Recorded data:
(* Let $\hat N=\sum_{j\ge0}\hat n_j$ be the particle number operator and $\overline N=\langle\hat N\rangle_{\mathrm{gc}}$. Then $$\langle(\hat N-\overline N)^4\rangle_{\mathrm{gc}}\le9\langle(\hat N-\overline N)^2\rangle_{\mathrm{gc}}^2+\langle(\hat N-\overline N)^2\rangle_{\mathrm{gc}}.$$
   Context: Fix a nondecreasing sequence $(E_j)_{j\ge0}$ of nonnegative one-particle energies (temperature absorbed) and $\mu<E_0$. $\hat n_j=a_j^*a_j$ is the occupation number operator of level $j$ on bosonic Fock space, and $\langle\cdot\rangle_{\mathrm{gc}}$ is the expectation in the grand canonical Gibbs state $Z_{\mathrm{gc}}(\mu)^{-1}\exp(-\sum_j(E_j-\mu)\hat n_j)$, assumed to have finite partition function and moments. *)

From HB Require Import structures.
From mathcomp Require Import all_boot all_order all_algebra.
From mathcomp Require Import all_classical all_reals all_analysis.
Set Implicit Arguments. Unset Strict Implicit. Unset Printing Implicit Defensive.
Import Order.TTheory GRing.Theory Num.Theory.
Local Open Scope classical_set_scope.
Local Open Scope ring_scope.

(* Occupation-number basis of the bosonic Fock space: finitely supported
   sequences (n_j)_{j>=0} of occupation numbers. *)
Definition config : set (nat -> nat) :=
  [set n | exists M : nat, forall j : nat, (M <= j)%N -> n j = 0%N].

Definition num_particles (R : realType) (n : nat -> nat) : R :=
  \sum_(j \in [set: nat]) ((n j)%:R : R).

Definition gc_energy (R : realType) (E : nat -> R) (mu : R) (n : nat -> nat) : R :=
  \sum_(j \in [set: nat]) ((E j - mu) * (n j)%:R).

Definition gc_weight (R : realType) (E : nat -> R) (mu : R) (n : nat -> nat) : R :=
  expR (- gc_energy E mu n).

(* Unnormalised trace  Tr[ f(n^) exp(-sum (E_j-mu) n^_j) ]  for f >= 0
   (diagonal in the occupation basis), as an extended real. *)
Definition gc_trace (R : realType) (E : nat -> R) (mu : R)
  (f : (nat -> nat) -> R) : \bar R :=
  \esum_(n in config) (f n * gc_weight E mu n)%:E.

Definition Zgc (R : realType) (E : nat -> R) (mu : R) : \bar R :=
  gc_trace E mu (fun _ => 1).

(* Grand canonical expectation <f(n^)>_gc of a nonnegative diagonal observable
   (meaningful when the traces are finite). *)
Definition gc_expect (R : realType) (E : nat -> R) (mu : R)
  (f : (nat -> nat) -> R) : R :=
  fine (gc_trace E mu f) / fine (Zgc E mu).

Definition Nbar (R : realType) (E : nat -> R) (mu : R) : R :=
  gc_expect E mu (@num_particles R).

Definition central_moment (R : realType) (E : nat -> R) (mu : R) (k : nat) : R :=
  gc_expect E mu (fun n => (@num_particles R n - Nbar E mu) ^+ k).

From HB Require Import structures.
From mathcomp Require Import all_boot all_order all_algebra.
From mathcomp Require Import all_classical all_reals all_analysis.
From mathcomp Require Import ring lra.
Set Implicit Arguments. Unset Strict Implicit. Unset Printing Implicit Defensive.
Import Order.TTheory GRing.Theory Num.Theory.
Import numFieldNormedType.Exports.
Local Open Scope classical_set_scope.
Local Open Scope ring_scope.

(* Restricted to the levels below L, the Gibbs weight is a product over levels,
   so the particle number is a sum of independent geometric variables.  A
   geometric variable with mean p has cumulants k2 = B := p + p^2 and
   k4 = B + 6 B^2; cumulants add over independent summands and
   6 (B + B')^2 >= 6 B^2 + 6 B'^2, so every truncation satisfies
   k4 <= 6 k2^2 + k2.  The finiteness hypotheses let the truncated moments of
   order <= 4 converge to the full ones (monotone convergence), so the bound
   survives in the limit, and the fourth central moment is
   k4 + 3 k2^2 <= 9 k2^2 + k2. *)

Ltac expand_sums :=
  rewrite ?big_ord_recr ?big_ord0 /= ?binS ?bin0 ?bin0n ?subSS ?subn0 ?subnn /=.

Section Cumulants.
Variable R : realFieldType.
Implicit Types (g t m u v : nat -> R) (k : nat).

(* Moment sequences are unnormalised: [m k] is the k-th moment times the total
   mass [m 0]; [binconv g t] is the moment sequence of the sum of two
   independent variables with moment sequences [g] and [t]. *)
Definition binconv g t k : R := \sum_(i < k.+1) 'C(k, i)%:R * g (k - i)%N * t i.

Definition normalize m i : R := m i / m 0%N.

Definition cmoment m k : R :=
  \sum_(i < k.+1) 'C(k, i)%:R * (- normalize m 1) ^+ (k - i) * normalize m i.

Definition cumulant4 m : R := cmoment m 4 - 3 * cmoment m 2 ^+ 2.

Definition cumulant_bounded m : Prop :=
  0 <= cmoment m 2 /\ cumulant4 m <= 6 * cmoment m 2 ^+ 2 + cmoment m 2.

Lemma binconv0 g t : binconv g t 0 = g 0%N * t 0%N.
Proof. by rewrite /binconv big_ord1 bin0 mul1r. Qed.

Lemma normalize_id u : u 0%N = 1 -> normalize u = u.
Proof. by move=> u0; apply/funext => i; rewrite /normalize u0 divr1. Qed.

Lemma normalize0 m : m 0%N != 0 -> normalize m 0 = 1.
Proof. exact: divff. Qed.

Lemma cmoment_normalize m k : m 0%N != 0 -> cmoment (normalize m) k = cmoment m k.
Proof. by move=> m0; rewrite /cmoment (@normalize_id (normalize m)) ?normalize0. Qed.

Lemma normalize_binconv g t : g 0%N != 0 -> t 0%N != 0 ->
  normalize (binconv g t) = binconv (normalize g) (normalize t).
Proof.
move=> g0 t0; apply/funext => k; rewrite /normalize binconv0 /binconv mulr_suml.
by apply: eq_bigr => i _; field; apply/andP.
Qed.

Lemma cumulant4_normalize m : m 0%N != 0 -> cumulant4 (normalize m) = cumulant4 m.
Proof. by move=> m0; rewrite /cumulant4 !cmoment_normalize. Qed.

Lemma binconv0_neq0 g t : g 0%N != 0 -> t 0%N != 0 -> binconv g t 0 != 0.
Proof. by move=> g0 t0; rewrite binconv0 mulf_neq0. Qed.

Lemma cmoment2_normalized u : u 0%N = 1 -> cmoment u 2 = u 2%N - u 1%N ^+ 2.
Proof. by move=> u0; rewrite /cmoment normalize_id //; expand_sums; rewrite u0; ring. Qed.

Lemma cmoment4_normalized u : u 0%N = 1 ->
  cmoment u 4 = u 4%N - 4 * u 3%N * u 1%N + 6 * u 2%N * u 1%N ^+ 2 - 3 * u 1%N ^+ 4.
Proof. by move=> u0; rewrite /cmoment normalize_id //; expand_sums; rewrite u0; ring. Qed.

Section Normalized.
Variables u v : nat -> R.
Hypotheses (u0 : u 0%N = 1) (v0 : v 0%N = 1).

Let uv0 : binconv u v 0 = 1.
Proof. by rewrite binconv0 u0 v0 mulr1. Qed.

Lemma cmoment2_binconv_normalized :
  cmoment (binconv u v) 2 = cmoment u 2 + cmoment v 2.
Proof.
rewrite (cmoment2_normalized uv0) (cmoment2_normalized u0) (cmoment2_normalized v0).
rewrite /binconv; expand_sums.
by rewrite u0 v0; ring.
Qed.

Lemma cumulant4_binconv_normalized :
  cumulant4 (binconv u v) = cumulant4 u + cumulant4 v.
Proof.
rewrite /cumulant4 !(cmoment4_normalized uv0, cmoment4_normalized u0, cmoment4_normalized v0).
rewrite !(cmoment2_normalized uv0, cmoment2_normalized u0, cmoment2_normalized v0).
rewrite /binconv; expand_sums.
by rewrite u0 v0; ring.
Qed.

End Normalized.

Lemma cmoment2_binconv g t : g 0%N != 0 -> t 0%N != 0 ->
  cmoment (binconv g t) 2 = cmoment g 2 + cmoment t 2.
Proof.
move=> g0 t0; rewrite -[LHS](cmoment_normalize _ (binconv0_neq0 g0 t0)).
rewrite normalize_binconv // cmoment2_binconv_normalized ?normalize0 //.
by rewrite !cmoment_normalize.
Qed.

Lemma cumulant4_binconv g t : g 0%N != 0 -> t 0%N != 0 ->
  cumulant4 (binconv g t) = cumulant4 g + cumulant4 t.
Proof.
move=> g0 t0; rewrite -[LHS](cumulant4_normalize (binconv0_neq0 g0 t0)).
rewrite normalize_binconv // cumulant4_binconv_normalized ?normalize0 //.
by rewrite !cumulant4_normalize.
Qed.

Lemma cumulant_bounded_binconv g t : g 0%N != 0 -> t 0%N != 0 ->
  cumulant_bounded g -> cumulant_bounded t -> cumulant_bounded (binconv g t).
Proof.
move=> g0 t0 [Bg Kg] [Bt Kt].
rewrite /cumulant_bounded cumulant4_binconv // cmoment2_binconv //.
split; first exact: addr_ge0.
have := mulr_ge0 Bg Bt; nra.
Qed.

Lemma cumulant_bounded_delta0 : cumulant_bounded (fun k => 0 ^+ k).
Proof.
rewrite /cumulant_bounded /cumulant4 cmoment4_normalized ?cmoment2_normalized ?expr0 //.
by rewrite !expr0n /=; lra.
Qed.

Lemma solve_linear_fixpoint (q g0 x y : R) :
  g0 = 1 + q * g0 -> x = q * (y + x) -> x = q * g0 * y.
Proof.
move=> e0 ex.
have g0q : g0 * (1 - q) = 1 by rewrite mulrBr mulr1 {1}e0; ring.
have xq : x - q * x = q * y by rewrite {1}ex; ring.
transitivity (g0 * (x - q * x)); last by rewrite xq; ring.
by rewrite -[LHS]mul1r -g0q; ring.
Qed.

ASSIGNMENT - Transcribe, exactly and without additions, the lines of the records above, beginning with the line that contains "normalize (binconv g" and ending with the line that contains "Proof. by move=> m0; rewrite /cumulant4", both included.

ANSWER BOX -
  normalize (binconv g t) = binconv (normalize g) (normalize t).
Proof.
move=> g0 t0; apply/funext => k; rewrite /normalize binconv0 /binconv mulr_suml.
by apply: eq_bigr => i _; field; apply/andP.
Qed.

Lemma cumulant4_normalize m : m 0%N != 0 -> cumulant4 (normalize m) = cumulant4 m.
Proof. by move=> m0; rewrite /cumulant4 !cmoment_normalize. Qed.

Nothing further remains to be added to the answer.